According to tradition, the harbour was founded more than eight hundred years ago, in 1189, when the Emperor Frederick Barbarossa granted Hamburgers the right to duty-free trade all along the Elbe from the city to the sea. With such an advantage over their neighbours, the city’s merchants soon built Hamburg into a major trading centre. By 1242 the city was powerful enough to draw up an agreement with nearby Lübeck, thus forming the template for the Hanseatic League. This alliance brought them major trading partners right across the region – not only in Germany, but also in Bruges, Amsterdam, London and even as far away as Novgorod – making this marshy, watery city one of the wealthiest in Europe. 3

By the sixteenth century Hamburg was nothing short of a huge, city-wide storehouse, holding vast quantities of goods for resale throughout Europe.
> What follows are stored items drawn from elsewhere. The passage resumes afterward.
(* Shifting [y] moves the [k]-th window mean by [O(1/k)], which vanishes along
   any ultrafilter finer than the cofinite filter. *)
Lemma window_banach_limit : BanachLimit window_limit.
Proof.
split.
- move=> u v lu lv; have := window_limit_lincomb 1 1 lu lv.
  by under eq_fun do rewrite !mul1r; rewrite !mul1r.
- move=> a u lu; have := window_limit_lincomb a 0 lu lu.
  by under eq_fun do rewrite mul0r addr0; rewrite mul0r addr0.
- move=> y ly y0; apply: limr_ge; first exact: window_mean_ultra_cvg.
  by apply: nearW => k; rewrite /window_mean divr_ge0 // sumr_ge0.
- move=> y [M bnd]; have ly : linf y by exists M.
  have bnd2 k : `|y (b k + k.+1)%N - y (b k)| <= M + M.
    exact: le_trans (ler_normB _ _) (lerD (bnd _) (bnd _)).
  have cv0 : (fun k => (y (b k + k.+1)%N - y (b k)) / k.+1%:R) @ U --> 0.
    by move=> A /(cvg_bounded_div_succ bnd2); exact: cofinU.
  rewrite /window_limit; have -> : window_mean b (fun n => y n.+1) = window_mean b y \+
      (fun k => (y (b k + k.+1)%N - y (b k)) / k.+1%:R).
    by apply/funext => k; rewrite window_mean_shift.
  by rewrite limD ?(cvg_lim _ cv0) ?addr0 //; exact: window_mean_ultra_cvg.
- rewrite /window_limit (window_mean_cst (c := 1)) ?lim_cst //.
Qed.

End WindowBanachLimit.
End UltrafilterBanachLimits.

Section SummabilitySpaces.
Variable R : realType.

Lemma chat_lin : lin_closed (@chat R).
Proof.
move=> u v a b [lu [su Lu]] [lv [sv Lv]]; split; first exact: linf_lin.
by exists (a * su + b * sv) => L BL; rewrite banach_limit_lin // Lu // Lv.
Qed.

Lemma chat0_lin : lin_closed (@chat0 R).
Proof.
move=> u v a b [lu Lu] [lv Lv]; split; first exact: linf_lin.
by move=> L BL; rewrite banach_limit_lin // Lu // Lv // !mulr0 addr0.
Qed.

Lemma c0seq_cseq : @c0seq R `<=` @cseq R.
Proof. by move=> u [lu cvu]; split => //; exact: cvgP cvu. Qed.

Lemma chat0_chat : @chat0 R `<=` @chat R.
Proof. by move=> u [lu Lu]; split => //; exists 0. Qed.

Lemma S0set_Sset : @S0set R `<=` @Sset R.
Proof. by move=> u [lu cvu]; split => //; exact: cvgP cvu. Qed.

Lemma cseq_chat : @cseq R `<=` @chat R.
Proof.
by move=> u [lu cvu]; split => //; exists (limn u) => L BL; exact: banach_limit_cvg.
Qed.

Lemma c0seq_chat0 : @c0seq R `<=` @chat0 R.
Proof. by move=> u [lu cvu]; split => // L BL; exact: banach_limit_cvg. Qed.

(* If the Cesaro means stayed away from [s] along an infinite set of indices,
   an ultrafilter concentrated there would give a Banach limit different from [s]. *)
Lemma banach_limits_cesaro_cvg x (s : R) : linf x ->
  (forall L, BanachLimit L -> L x = s) -> cesaro x @ \oo --> s.
Proof.
move=> [M bnd] Lx; apply/cvgrPdist_lt => e e0; apply: contrapT => not_near.
have [U [UU cofinU Ufar]] : exists U : set_system nat,
    [/\ UltraFilter U, \oo `<=` U & U [set n | ~ `|s - cesaro x n| < e]].
  apply: ultra_cofinite_ex => N; apply: contrapT => no_far.
  apply: not_near; exists N => // n /= Nn; apply: contrapT => far.
  exact: no_far (ex_intro2 _ _ n Nn far).
have cvU : cesaro x @ U --> s.
  rewrite -(Lx _ (@window_banach_limit R U (fun=> 0%N) UU cofinU)) cesaro_window_mean0.
  exact: (ultra_bounded_cvg UU (window_mean_norm_le _ bnd)).
move/cvgrPdist_lt/(_ e e0): cvU => U_near.
have [n [/= near_n far_n]] := filter_ex (filterI U_near Ufar).
exact: far_n near_n.
Qed.
Theorem lemma8 (PX PY : nat -> nat -> R)
  (hX : forall n, is_pmf (PX n)) (hY : forall n, is_pmf (PY n))
  (hyp : forall eps, 0 < eps < 1 ->
     (* liminf_n inf_{0<=delta<1-eps} (c_n^x(delta+eps) - c_n^y(delta)) >= 0 *)
     forall eta, 0 < eta -> exists N, forall n, (N <= n)%nat ->
       forall delta, 0 <= delta < 1 - eps ->
         cfun (PX n) (delta + eps) - cfun (PY n) delta >= - eta) :
  exists Q : nat -> nat -> nat -> R,
    (forall n, is_coupling (PX n) (PY n) (Q n)) /\
    forall gamma, 0 < gamma ->
      forall e, 0 < e -> exists N, forall n, (N <= n)%nat ->
        exists s, event_prob (PX n) (PY n) (Q n) gamma s /\ s <= e.
Proof.
  destruct (choice (fun n lz => sorted_listing (PX n) (fst lz) (snd lz))) as [lx Hlx].
  { intro n. destruct (listing_exists (PX n) (hX n)) as [L [z H]]. exists (L, z); exact H. }
  destruct (choice (fun n lz => sorted_listing (PY n) (fst lz) (snd lz))) as [ly Hly].
  { intro n. destruct (listing_exists (PY n) (hY n)) as [L [z H]]. exists (L, z); exact H. }
  (* Thresholds beyond which the hypothesis holds at scale [scale k], and a level
     [K n] tending to infinity that respects them. *)
  destruct (choice (fun k N => forall n, (N <= n)%nat ->
                      shift_dominates (PX n) (PY n) (scale k) (scale k))) as [Nk HNk].
  { intro k. exact (hyp (scale k) (scale_bounds k) (scale k) (proj1 (scale_bounds k))). }
  destruct (diagonal_levels Nk) as [K HK].
  exists (fun n => shifted_coupling (PX n) (PY n) (fst (lx n)) (fst (ly n))
                     (snd (lx n)) (snd (ly n)) (scale (K n))).
  split.
  - intro n. apply shifted_coupling_is_coupling; auto. apply scale_bounds.
  - intros gamma Hgamma e He.
    destruct (scale_small (Rmin gamma e)) as [j Hj]; [apply Rmin_glb_lt; auto|].
    destruct (HK j) as [n0 Hn0]. exists n0. intros n Hn.
    destruct (Hn0 n Hn) as [HjK HNK].
    pose proof (scale_anti j (K n) HjK). pose proof (Rmin_l gamma e). pose proof (Rmin_r gamma e).
    destruct (event_bound (PX n) (PY n) (fst (lx n)) (fst (ly n)) (snd (lx n)) (snd (ly n))
                (scale (K n)) (hX n) (hY n) (Hlx n) (Hly n) (scale_bounds (K n))
                (scale (K n)) gamma (HNk (K n) n HNK) ltac:(lra)) as [s [Hs Hse]].
    exists s. split; [exact Hs | lra].
Qed.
Tall warehouses stacked with grain, oil, salt and beer rose beside the narrow canals and waterways that carried the tide of commodities into the heart of the city. The more expensive goods, such as honey, fine wines and amber, were stored on the higher floors to keep them safe from the floodwaters of the Elbe, while the lower floors were reserved for cheaper items, such as fish or lumber. With the discovery of the New World, local merchants who had made themselves rich by trading in cloth or foodstuffs were soon trading in precious gems and metals, saltpetre, coffee, tea, tobacco and exotic spices. One of the most lucrative cargoes was that of peppercorns, which Hamburg’s spice traders brought back in sackloads from the Orient. Even today, the wealthier citizens of Hamburg are still occasionally called Pfeffersäcke(‘peppersacks’) – a derogatory nickname for fat-cat businessmen.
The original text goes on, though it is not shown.